EXERCISE: Your task is to copy the lines of the data below from the line holding "by exists z; [right | apply: rt_refl]." through the line holding "exists2 w, rt y w & rt z w.", inclusive, exactly and with nothing added.

====== PROVIDED DATA

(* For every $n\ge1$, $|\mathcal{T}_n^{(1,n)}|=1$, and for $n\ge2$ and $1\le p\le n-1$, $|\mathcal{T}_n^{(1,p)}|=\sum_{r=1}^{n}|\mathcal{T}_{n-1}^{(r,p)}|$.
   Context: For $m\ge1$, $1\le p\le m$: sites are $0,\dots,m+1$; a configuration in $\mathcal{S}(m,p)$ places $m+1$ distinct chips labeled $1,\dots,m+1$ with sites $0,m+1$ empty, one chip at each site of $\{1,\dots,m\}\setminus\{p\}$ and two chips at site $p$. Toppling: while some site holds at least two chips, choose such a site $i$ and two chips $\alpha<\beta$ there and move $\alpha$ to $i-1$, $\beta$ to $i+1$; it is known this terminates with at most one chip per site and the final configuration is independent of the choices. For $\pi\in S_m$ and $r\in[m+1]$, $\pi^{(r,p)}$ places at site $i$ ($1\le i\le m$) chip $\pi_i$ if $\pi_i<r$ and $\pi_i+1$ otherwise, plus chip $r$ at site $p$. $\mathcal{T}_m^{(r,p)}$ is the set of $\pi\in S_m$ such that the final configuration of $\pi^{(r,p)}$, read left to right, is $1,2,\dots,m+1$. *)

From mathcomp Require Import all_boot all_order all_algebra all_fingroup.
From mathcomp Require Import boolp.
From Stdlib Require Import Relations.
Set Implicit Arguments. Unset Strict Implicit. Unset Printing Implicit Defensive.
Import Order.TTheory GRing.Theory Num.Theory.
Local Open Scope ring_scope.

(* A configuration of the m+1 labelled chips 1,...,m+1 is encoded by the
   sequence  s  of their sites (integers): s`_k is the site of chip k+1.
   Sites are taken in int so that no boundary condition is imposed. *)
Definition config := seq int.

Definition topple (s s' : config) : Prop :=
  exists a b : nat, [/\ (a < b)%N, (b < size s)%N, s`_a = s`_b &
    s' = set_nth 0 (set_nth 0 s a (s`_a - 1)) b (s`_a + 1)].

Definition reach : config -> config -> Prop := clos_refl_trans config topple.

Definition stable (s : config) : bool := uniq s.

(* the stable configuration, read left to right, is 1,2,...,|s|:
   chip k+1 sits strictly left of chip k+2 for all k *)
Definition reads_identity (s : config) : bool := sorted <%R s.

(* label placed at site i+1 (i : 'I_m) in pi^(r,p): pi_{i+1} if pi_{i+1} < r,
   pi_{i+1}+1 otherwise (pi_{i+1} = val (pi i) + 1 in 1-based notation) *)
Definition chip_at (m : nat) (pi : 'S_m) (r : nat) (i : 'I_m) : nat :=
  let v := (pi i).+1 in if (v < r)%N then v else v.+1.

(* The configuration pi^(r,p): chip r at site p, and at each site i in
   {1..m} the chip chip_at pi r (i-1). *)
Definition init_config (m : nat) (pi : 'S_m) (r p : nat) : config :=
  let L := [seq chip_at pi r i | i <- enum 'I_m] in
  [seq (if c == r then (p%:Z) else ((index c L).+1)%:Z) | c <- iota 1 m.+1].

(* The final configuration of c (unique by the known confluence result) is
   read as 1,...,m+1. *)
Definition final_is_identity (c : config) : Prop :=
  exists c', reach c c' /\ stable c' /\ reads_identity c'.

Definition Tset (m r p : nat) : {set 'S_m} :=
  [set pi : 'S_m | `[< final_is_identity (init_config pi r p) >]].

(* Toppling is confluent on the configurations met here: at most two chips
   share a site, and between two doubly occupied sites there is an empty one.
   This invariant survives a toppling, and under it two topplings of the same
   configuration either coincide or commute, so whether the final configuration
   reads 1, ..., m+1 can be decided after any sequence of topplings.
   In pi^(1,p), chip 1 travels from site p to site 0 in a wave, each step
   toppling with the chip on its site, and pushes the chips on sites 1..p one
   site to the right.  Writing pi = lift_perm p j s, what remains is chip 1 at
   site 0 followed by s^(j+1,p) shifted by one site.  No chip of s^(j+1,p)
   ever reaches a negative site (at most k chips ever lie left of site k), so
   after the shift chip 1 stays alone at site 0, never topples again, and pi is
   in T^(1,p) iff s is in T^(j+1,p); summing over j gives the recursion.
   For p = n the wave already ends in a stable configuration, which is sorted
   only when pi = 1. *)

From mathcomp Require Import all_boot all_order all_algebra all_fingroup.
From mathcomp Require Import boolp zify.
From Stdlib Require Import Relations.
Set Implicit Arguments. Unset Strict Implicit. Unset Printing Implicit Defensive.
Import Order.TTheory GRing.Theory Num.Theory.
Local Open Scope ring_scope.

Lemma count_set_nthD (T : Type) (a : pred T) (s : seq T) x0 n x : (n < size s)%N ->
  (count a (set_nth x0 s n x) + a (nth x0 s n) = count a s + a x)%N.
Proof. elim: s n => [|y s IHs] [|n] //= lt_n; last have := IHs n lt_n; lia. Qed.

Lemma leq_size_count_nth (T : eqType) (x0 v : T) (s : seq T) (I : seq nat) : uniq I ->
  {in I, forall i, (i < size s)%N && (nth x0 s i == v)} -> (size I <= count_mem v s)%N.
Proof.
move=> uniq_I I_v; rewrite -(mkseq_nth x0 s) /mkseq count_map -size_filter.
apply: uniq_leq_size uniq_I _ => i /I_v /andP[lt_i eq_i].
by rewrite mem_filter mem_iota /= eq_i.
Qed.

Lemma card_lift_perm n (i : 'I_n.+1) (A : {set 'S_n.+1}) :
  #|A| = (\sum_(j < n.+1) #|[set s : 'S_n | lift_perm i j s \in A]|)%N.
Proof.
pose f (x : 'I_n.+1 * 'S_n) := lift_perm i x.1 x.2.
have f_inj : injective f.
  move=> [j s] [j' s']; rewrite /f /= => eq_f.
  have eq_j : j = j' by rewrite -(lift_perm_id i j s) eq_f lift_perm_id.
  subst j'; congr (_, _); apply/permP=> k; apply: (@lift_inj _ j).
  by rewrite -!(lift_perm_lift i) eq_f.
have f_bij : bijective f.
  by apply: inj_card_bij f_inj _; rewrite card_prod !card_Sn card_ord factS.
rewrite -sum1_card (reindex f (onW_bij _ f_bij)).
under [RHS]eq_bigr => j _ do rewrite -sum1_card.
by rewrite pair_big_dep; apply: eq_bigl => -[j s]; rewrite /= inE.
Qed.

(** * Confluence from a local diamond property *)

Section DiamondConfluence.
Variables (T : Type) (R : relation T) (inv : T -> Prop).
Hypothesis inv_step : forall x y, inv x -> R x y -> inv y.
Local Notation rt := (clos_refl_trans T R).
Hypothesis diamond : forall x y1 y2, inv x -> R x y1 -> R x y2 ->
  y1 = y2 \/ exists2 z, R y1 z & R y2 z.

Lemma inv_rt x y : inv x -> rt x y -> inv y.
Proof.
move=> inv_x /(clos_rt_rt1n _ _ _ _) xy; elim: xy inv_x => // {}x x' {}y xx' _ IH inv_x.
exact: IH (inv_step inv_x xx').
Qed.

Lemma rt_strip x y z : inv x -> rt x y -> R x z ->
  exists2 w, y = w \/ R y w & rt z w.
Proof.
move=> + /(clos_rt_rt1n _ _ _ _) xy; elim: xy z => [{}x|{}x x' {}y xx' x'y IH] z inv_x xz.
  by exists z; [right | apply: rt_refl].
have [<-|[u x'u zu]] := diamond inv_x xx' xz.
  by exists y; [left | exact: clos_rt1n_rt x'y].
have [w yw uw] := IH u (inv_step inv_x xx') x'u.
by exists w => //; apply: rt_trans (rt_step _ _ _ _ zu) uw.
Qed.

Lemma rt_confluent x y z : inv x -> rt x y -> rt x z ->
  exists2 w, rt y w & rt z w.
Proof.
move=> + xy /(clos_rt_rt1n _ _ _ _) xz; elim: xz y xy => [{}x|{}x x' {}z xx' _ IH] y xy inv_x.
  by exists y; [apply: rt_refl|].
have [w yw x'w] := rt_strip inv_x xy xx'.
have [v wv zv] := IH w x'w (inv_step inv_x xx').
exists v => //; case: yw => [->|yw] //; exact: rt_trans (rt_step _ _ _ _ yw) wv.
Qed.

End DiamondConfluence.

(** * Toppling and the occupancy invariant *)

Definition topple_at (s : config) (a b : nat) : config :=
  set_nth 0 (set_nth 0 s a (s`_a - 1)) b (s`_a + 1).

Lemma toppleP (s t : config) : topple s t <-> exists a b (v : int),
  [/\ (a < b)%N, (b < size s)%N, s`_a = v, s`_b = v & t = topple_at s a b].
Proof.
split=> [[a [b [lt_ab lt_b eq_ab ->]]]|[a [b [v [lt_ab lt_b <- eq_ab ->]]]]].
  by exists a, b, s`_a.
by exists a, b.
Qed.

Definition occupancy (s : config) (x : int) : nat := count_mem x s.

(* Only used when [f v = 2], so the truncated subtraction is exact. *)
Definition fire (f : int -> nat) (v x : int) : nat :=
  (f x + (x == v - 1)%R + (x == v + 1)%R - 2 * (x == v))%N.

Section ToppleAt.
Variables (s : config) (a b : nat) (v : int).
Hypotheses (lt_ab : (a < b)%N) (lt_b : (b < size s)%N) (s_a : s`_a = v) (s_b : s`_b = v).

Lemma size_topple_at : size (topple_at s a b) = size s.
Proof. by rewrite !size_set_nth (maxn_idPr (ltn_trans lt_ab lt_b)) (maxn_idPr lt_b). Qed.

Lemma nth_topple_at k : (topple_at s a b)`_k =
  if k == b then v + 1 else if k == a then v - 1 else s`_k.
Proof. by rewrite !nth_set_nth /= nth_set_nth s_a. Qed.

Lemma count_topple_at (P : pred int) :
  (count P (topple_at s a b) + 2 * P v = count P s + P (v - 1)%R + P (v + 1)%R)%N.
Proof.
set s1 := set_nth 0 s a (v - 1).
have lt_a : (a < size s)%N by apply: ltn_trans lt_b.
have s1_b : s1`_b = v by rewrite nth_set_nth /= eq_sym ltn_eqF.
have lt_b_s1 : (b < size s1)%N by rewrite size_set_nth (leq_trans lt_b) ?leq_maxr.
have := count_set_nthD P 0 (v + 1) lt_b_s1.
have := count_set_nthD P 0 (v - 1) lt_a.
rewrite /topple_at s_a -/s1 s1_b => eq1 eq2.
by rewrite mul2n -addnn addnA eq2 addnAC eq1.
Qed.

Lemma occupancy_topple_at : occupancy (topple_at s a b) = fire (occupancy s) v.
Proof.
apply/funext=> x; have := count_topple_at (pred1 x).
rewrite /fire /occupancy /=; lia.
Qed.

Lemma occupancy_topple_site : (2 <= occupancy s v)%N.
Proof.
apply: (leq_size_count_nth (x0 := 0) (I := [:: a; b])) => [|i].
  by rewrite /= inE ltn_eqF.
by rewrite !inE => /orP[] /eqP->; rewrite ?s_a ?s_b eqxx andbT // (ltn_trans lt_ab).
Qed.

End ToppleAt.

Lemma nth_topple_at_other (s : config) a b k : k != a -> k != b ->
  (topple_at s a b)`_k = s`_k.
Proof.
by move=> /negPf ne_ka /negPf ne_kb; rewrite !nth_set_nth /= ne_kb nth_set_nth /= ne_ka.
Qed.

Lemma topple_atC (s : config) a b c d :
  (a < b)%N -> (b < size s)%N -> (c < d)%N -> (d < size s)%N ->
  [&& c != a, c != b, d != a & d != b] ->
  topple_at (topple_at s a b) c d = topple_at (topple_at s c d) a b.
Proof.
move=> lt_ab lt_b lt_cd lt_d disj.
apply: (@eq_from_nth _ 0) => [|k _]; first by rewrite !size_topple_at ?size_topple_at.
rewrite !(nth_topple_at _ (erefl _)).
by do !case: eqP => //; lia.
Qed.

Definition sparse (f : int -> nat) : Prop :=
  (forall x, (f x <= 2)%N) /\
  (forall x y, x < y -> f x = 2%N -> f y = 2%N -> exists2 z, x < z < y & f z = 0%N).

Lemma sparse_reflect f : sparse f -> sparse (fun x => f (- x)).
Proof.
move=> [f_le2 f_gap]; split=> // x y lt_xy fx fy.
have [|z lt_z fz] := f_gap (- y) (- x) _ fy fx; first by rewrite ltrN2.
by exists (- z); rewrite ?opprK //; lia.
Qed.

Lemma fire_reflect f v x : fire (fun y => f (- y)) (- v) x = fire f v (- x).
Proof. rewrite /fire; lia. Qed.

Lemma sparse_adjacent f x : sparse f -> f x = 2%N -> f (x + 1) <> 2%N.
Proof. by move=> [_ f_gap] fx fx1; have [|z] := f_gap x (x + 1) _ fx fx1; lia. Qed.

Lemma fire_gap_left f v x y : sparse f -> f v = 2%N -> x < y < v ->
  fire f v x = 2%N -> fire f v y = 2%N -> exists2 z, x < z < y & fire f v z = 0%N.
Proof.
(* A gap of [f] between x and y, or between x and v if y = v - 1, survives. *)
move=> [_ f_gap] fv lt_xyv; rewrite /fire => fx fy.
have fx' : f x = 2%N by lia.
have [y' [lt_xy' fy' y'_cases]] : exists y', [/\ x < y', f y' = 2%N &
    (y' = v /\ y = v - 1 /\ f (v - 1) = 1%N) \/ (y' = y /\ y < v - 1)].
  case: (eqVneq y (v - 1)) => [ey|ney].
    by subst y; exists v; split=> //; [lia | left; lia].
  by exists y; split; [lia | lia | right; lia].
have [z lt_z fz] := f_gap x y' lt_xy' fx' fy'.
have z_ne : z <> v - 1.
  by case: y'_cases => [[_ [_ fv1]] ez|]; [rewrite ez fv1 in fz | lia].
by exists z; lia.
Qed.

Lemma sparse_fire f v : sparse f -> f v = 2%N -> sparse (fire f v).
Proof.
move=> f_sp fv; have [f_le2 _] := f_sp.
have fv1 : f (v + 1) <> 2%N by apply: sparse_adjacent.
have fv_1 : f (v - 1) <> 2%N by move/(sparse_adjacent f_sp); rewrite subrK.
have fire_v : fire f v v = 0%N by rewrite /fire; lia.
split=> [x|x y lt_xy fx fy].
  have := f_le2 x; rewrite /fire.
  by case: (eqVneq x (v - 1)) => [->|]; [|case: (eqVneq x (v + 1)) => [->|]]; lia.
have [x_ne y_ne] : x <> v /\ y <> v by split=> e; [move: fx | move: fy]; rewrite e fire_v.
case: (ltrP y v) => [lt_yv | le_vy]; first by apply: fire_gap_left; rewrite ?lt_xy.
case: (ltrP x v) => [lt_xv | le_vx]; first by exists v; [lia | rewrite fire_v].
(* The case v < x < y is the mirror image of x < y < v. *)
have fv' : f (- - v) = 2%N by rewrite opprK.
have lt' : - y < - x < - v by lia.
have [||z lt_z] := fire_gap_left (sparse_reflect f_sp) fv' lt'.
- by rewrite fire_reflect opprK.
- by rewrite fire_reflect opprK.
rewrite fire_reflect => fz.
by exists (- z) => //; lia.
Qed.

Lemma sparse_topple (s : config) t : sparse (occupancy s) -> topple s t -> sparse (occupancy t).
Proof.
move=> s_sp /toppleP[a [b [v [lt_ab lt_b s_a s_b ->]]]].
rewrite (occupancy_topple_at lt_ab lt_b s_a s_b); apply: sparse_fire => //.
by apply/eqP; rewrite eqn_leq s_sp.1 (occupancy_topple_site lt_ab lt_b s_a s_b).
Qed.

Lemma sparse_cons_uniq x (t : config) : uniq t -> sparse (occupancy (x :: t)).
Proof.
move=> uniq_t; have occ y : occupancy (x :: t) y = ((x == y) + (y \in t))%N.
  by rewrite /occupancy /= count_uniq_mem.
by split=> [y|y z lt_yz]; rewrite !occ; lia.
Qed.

============
====== PROVIDED DATA

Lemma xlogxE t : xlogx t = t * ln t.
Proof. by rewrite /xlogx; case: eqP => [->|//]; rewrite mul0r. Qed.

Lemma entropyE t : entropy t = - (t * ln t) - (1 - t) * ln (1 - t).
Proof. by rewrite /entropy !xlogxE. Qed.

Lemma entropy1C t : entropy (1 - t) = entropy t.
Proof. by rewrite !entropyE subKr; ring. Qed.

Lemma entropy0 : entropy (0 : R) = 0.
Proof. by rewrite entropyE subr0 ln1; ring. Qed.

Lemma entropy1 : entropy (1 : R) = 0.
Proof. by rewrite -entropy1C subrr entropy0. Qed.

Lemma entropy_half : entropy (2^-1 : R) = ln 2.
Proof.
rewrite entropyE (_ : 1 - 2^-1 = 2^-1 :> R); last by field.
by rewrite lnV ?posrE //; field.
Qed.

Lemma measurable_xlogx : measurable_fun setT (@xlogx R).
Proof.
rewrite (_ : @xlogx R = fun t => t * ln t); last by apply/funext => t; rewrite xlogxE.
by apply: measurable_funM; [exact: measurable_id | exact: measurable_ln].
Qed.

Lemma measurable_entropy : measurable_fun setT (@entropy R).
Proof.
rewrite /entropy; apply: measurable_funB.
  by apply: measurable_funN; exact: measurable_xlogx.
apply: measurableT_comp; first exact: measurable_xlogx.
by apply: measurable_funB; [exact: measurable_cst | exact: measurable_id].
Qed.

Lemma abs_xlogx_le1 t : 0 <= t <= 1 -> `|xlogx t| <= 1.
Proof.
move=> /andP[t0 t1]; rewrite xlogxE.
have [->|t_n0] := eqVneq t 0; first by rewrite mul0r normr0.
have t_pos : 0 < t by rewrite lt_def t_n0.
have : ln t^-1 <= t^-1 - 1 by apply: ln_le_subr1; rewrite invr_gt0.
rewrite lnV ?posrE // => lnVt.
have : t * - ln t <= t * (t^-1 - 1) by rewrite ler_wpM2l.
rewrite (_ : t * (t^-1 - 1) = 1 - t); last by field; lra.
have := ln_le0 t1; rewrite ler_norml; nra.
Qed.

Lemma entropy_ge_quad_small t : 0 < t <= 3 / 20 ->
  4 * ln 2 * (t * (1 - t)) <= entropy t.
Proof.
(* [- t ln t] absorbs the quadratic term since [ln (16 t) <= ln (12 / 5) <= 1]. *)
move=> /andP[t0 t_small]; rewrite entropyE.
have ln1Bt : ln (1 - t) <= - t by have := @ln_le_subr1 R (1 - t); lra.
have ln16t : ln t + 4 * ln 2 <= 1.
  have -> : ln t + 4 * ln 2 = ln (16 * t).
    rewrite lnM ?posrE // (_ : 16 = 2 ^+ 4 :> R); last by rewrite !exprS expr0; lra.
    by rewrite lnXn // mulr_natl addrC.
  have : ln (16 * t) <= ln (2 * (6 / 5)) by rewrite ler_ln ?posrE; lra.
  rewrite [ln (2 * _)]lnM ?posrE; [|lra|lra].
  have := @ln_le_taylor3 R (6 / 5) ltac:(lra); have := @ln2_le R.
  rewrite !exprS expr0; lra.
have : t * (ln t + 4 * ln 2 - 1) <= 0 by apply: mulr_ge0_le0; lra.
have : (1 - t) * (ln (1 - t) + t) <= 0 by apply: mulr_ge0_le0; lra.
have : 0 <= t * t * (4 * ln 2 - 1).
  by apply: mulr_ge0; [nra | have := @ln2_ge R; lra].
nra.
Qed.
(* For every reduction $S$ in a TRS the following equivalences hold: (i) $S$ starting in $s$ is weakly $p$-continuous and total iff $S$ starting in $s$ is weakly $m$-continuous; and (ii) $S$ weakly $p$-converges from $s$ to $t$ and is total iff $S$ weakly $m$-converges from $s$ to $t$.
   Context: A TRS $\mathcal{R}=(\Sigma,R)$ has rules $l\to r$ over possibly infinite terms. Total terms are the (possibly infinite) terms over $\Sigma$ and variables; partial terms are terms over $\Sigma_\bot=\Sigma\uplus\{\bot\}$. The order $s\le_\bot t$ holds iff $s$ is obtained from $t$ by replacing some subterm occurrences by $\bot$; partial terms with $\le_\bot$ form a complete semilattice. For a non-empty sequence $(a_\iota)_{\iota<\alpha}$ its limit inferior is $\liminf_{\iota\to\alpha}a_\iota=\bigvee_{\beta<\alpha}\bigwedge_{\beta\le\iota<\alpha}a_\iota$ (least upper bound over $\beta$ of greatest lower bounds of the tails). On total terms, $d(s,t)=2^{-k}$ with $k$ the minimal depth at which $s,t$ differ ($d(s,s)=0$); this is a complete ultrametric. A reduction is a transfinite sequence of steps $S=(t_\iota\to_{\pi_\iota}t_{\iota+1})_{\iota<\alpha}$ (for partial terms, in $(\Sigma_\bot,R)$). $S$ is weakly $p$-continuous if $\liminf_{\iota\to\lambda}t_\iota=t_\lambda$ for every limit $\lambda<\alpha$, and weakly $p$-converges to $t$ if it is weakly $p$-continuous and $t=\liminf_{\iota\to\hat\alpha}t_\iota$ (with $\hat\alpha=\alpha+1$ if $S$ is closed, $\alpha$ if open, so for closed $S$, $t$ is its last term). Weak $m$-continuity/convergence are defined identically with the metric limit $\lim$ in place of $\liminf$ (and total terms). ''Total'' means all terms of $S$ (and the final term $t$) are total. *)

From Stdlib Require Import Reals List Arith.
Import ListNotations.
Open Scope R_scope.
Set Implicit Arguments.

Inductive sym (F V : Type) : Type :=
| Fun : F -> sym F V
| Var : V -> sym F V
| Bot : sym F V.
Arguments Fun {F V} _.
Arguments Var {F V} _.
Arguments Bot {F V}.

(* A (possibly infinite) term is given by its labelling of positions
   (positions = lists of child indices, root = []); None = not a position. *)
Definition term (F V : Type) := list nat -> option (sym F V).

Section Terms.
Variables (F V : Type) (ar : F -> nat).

============

SOLUTION FOR THIS PROBLEM:
  by exists z; [right | apply: rt_refl].
have [<-|[u x'u zu]] := diamond inv_x xx' xz.
  by exists y; [left | exact: clos_rt1n_rt x'y].
have [w yw uw] := IH u (inv_step inv_x xx') x'u.
by exists w => //; apply: rt_trans (rt_step _ _ _ _ zu) uw.
Qed.

Lemma rt_confluent x y z : inv x -> rt x y -> rt x z ->
  exists2 w, rt y w & rt z w.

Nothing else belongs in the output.